* **What you are asked to do**
Search the listing below for the line containing "v; it grows". From there through the line containing "two children receive", transcribe every line exactly, both ends included.

====

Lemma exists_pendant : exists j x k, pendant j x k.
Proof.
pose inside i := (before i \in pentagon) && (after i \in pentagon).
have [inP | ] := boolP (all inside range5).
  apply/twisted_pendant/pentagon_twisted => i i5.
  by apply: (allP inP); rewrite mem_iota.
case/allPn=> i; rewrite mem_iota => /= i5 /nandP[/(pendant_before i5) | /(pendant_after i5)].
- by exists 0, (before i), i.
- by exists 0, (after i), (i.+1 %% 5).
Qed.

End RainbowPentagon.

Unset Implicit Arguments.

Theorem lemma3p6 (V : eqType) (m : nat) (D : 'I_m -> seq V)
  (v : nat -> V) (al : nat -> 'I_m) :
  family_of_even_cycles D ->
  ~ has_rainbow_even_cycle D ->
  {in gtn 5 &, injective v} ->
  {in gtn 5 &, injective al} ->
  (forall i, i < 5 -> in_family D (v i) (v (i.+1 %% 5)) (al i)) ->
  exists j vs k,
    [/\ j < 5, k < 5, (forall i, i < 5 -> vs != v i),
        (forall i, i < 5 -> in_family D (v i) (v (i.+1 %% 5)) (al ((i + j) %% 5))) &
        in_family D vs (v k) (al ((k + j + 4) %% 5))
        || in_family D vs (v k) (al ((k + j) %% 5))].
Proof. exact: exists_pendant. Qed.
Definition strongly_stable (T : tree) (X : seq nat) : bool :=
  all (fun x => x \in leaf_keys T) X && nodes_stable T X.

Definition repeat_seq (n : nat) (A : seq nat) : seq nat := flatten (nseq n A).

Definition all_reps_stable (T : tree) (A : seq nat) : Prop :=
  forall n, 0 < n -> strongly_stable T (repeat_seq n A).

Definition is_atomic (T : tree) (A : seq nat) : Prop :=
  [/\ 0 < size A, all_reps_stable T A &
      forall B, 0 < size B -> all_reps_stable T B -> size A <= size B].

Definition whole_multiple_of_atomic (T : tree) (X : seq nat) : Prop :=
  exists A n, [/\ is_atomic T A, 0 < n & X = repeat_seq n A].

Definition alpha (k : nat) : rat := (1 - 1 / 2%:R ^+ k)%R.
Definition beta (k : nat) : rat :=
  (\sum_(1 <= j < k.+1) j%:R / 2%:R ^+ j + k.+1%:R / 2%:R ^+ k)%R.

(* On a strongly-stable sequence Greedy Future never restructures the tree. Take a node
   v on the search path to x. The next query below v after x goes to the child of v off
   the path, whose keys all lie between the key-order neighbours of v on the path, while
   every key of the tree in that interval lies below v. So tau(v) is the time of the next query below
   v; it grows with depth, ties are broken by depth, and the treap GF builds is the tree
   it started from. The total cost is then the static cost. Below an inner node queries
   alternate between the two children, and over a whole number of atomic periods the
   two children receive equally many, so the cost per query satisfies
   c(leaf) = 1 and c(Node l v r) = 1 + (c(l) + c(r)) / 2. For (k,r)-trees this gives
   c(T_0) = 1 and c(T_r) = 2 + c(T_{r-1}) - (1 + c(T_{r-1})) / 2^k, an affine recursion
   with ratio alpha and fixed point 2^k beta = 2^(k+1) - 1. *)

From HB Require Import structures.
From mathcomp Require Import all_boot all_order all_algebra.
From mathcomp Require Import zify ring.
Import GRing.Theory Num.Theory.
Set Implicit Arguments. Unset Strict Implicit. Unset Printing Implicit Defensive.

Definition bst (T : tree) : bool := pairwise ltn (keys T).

====

* **Exercise result**
   v; it grows with depth, ties are broken by depth, and the treap GF builds is the tree
   it started from. The total cost is then the static cost. Below an inner node queries
   alternate between the two children, and over a whole number of atomic periods the
   two children receive equally many, so the cost per query satisfies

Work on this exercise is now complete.